Color and Surface Texture
Egg is white, often becoming stained. Texture is matte (PJH).
Clutch Size
One egg.
Egg Laying
No information.
Incubation
Onset of Broodiness and Incubation in Relation to Laying
No information.
Incubation Patches
Both sexes have a single incubation and brood patch (PJH).
Incubation Period
Eggs are typically laid in late November through mid-December and hatching occurs in late January to February (4). No information on relative contribution of each sex to incubation. Bull (70) reported a mean incubation shift of 14 days.
Parental Behavior
No information.
Hardiness of Eggs Against Temperature Stress: Effect of Egg Neglect
Little information, although eggs that are left unattended during the day sometimes subsequently hatch (PJH).
Hatching
Hatching occurs from late January to February (4).
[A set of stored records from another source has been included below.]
(* Let $d\ge4$ and $1\le p<d/2$ be integers. If $\mathbf{a}=(a,(a_{j00},a_{j01},a_{j10},a_{j11})_{j\in[p]})$ is a point on the boundary of $K$ with $a\notin\{0,\tfrac12\}$, then $\mathbf{a}$ is not a local maximum of $\varphi$ on $K$.
   Context: Let $\tau_j=\binom{d}{p}\binom{p}{j}\binom{d-p}{p-j}$ for $0\le j\le p$. Points of $\mathbb{R}^{4p+1}$ are written $\mathbf{z}=(z,(z_{j00},z_{j01},z_{j10},z_{j11})_{j\in[p]})$, with $z_{0\alpha\alpha}=z-\sum_{j\in[p]}z_{j\alpha\alpha}$ ($\alpha\in\{0,1\}$) and $z_{0\alpha\beta}=\frac12-z-\sum_{j\in[p]}z_{j\alpha\beta}$ ($\alpha\ne\beta$). $K$ is the set of $\mathbf{z}$ with $0\le z\le\frac12$ and $z_{j\alpha\beta}\ge0$ for all $0\le j\le p$, $\alpha,\beta\in\{0,1\}$. $A(\mathbf{z})=p+(d-4p)z+\sum_{j\in[p]}j(z_{j00}+z_{j11}-z_{j01}-z_{j10})$, $B=\frac d2-A$, and $\varphi(\mathbf{z})=A\log A+B\log B+\sum_{0\le j\le p,\ \alpha,\beta\in\{0,1\}}(z_{j\alpha\beta}\log\tau_j-z_{j\alpha\beta}\log z_{j\alpha\beta})$, with $0\log0=0$, a continuous function on $K$. *)

(* R : realType, ln from mathcomp-analysis (ln x = 0 for x <= 0,
   so x * ln x realizes the convention 0 log 0 = 0). *)
From HB Require Import structures.
From mathcomp Require Import all_boot all_order all_algebra.
From mathcomp Require Import reals exp.
Set Implicit Arguments. Unset Strict Implicit. Unset Printing Implicit Defensive.
Import Order.TTheory GRing.Theory Num.Theory.
Local Open Scope ring_scope.

(* A point of R^{4p+1}: (z, w) where w i alpha beta = z_{(i+1) alpha beta},
   i : 'I_p encoding j = i+1 in [p] = {1,...,p}. *)
Definition pt (R : realType) (p : nat) := (R * ('I_p -> bool -> bool -> R))%type.

Section Defs.
Variables (R : realType) (d p : nat).

Definition tau (j : nat) : R := ('C(d, p) * 'C(p, j) * 'C(d - p, p - j))%N%:R.

Definition z0 (x : pt R p) (a b : bool) : R :=
  if a == b then x.1 - \sum_(i < p) x.2 i a a
  else 1 / 2 - x.1 - \sum_(i < p) x.2 i a b.

Definition inK (x : pt R p) : Prop :=
  [/\ 0 <= x.1, x.1 <= 1 / 2,
      (forall (i : 'I_p) a b, 0 <= x.2 i a b) &
      (forall a b, 0 <= z0 x a b)].

Definition Afun (x : pt R p) : R :=
  p%:R + (d%:R - 4 * p%:R) * x.1
  + \sum_(i < p) (i.+1)%:R *
      (x.2 i false false + x.2 i true true - x.2 i false true - x.2 i true false).

Definition Bfun (x : pt R p) : R := d%:R / 2 - Afun x.

Definition xlnx (t : R) : R := t * ln t.

Definition phi (x : pt R p) : R :=
  xlnx (Afun x) + xlnx (Bfun x)
  + \sum_(a : bool) \sum_(b : bool)
      ((z0 x a b * ln (tau 0) - xlnx (z0 x a b))
       + \sum_(i < p) (x.2 i a b * ln (tau i.+1) - xlnx (x.2 i a b))).

(* sup-norm ball (induces the Euclidean topology of R^{4p+1}) *)
Definition close (x y : pt R p) (e : R) : Prop :=
  `|x.1 - y.1| < e /\ forall (i : 'I_p) a b, `|x.2 i a b - y.2 i a b| < e.

Definition on_boundaryK (x : pt R p) : Prop :=
  forall e : R, 0 < e ->
    (exists y, close x y e /\ inK y) /\ (exists y, close x y e /\ ~ inK y).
Preliminary Events and Vocalizations
No information.
Shell Breaking and Emergence
No information.
Parental Assistance and Disposal of Eggshells
No information on parental assistance. Eggs are sometimes ejected from burrows, but it does not appear that adults systematically remove eggshells after hatching (PJH).
Young Birds
Condition at Hatching
Chick weighs approximately 70–80 g and is covered in light gray down at hatching (PJH; see Appearance: Plumages). Mean mass of chicks between 1–5 days of age was 146 g (PJH). Chick is left unattended 1–3 days after hatching, with adults only returning for brief provisioning visits after the initial brood period (PJH).
Growth and Development
Limited information. For chicks measured at 11 nests, from hatching through day 41, postnatal growth was typical of shearwaters and followed a sigmoid model of growth (PJH). Chick remains in burrow and is fed by parents from hatching to fledging.
Sex Ratios and Sex Allocation
No information available.
Parental Care
Brooding
Adults brood young chick in first days of life; limited data suggest a typical brooding period of 1–3 days (PJH). No information on whether male and female share brooding duties.
Feeding
Both parents provision the chick from hatching to just before fledging, approximately early February to late April (29). The only information on feeding intervals is based on tracking of chick-rearing adults at Isla Mocha (29). Both parents returned to the nest during the chick-rearing period (29). Presumably, chicks were fed on each return. This assumption was supported by observations of adults that were captured before they entered burrows sometimes vomiting loads of food, whereas adults captured exiting burrows did not (RDC). Average foraging trip duration was 93.7 h ± 72.5 SD (3.9 d ± 3.0 SD) over three years (29). However, foraging trip duration was bimodal: average duration of “short” trips (defined as < 30 hours long with only one day at sea between nocturnal visits) was 18.6 h ± 3.0 SD (0.8 d ± 0.1 SD), and average duration of “long” trips (defined as > 30 hours long) was 121.2 h ± 65.9 SD (5.1 d ± 2.7 SD) (29). Foraging trip duration may sometimes be longer, as not all tagged birds in that study were recaptured before discontinuing tag recapture efforts (78% of tags deployed in that study were recaptured) (29). Each provisioning parent in a breeding pair usually arrived asynchronously, and often on different days (RDC), so the chick was fed more frequently than is accounted for by individual trip durations.
Nest Sanitation
No information.
Carrying of Eggs or Young
Not known to carry eggs or young.
Cooperative Breeding
Not reported.
Brood Parasitism by Other Species
Not reported.
Fledgling Stage
Departure from the Nest
Fledgling departs the nest at night from late April to early May (33, 4, 38). There is no evidence of chick returning to the nest after fledging.
Growth
No information.
Association with Parents or Other Young
No information.
Ability to get Around, Feed, and Care for Self
Sometimes exits the burrow before fledging to exercise wings (PJH).
Immature Stage
No information available after fledging; no juveniles have been tagged or tracked at sea.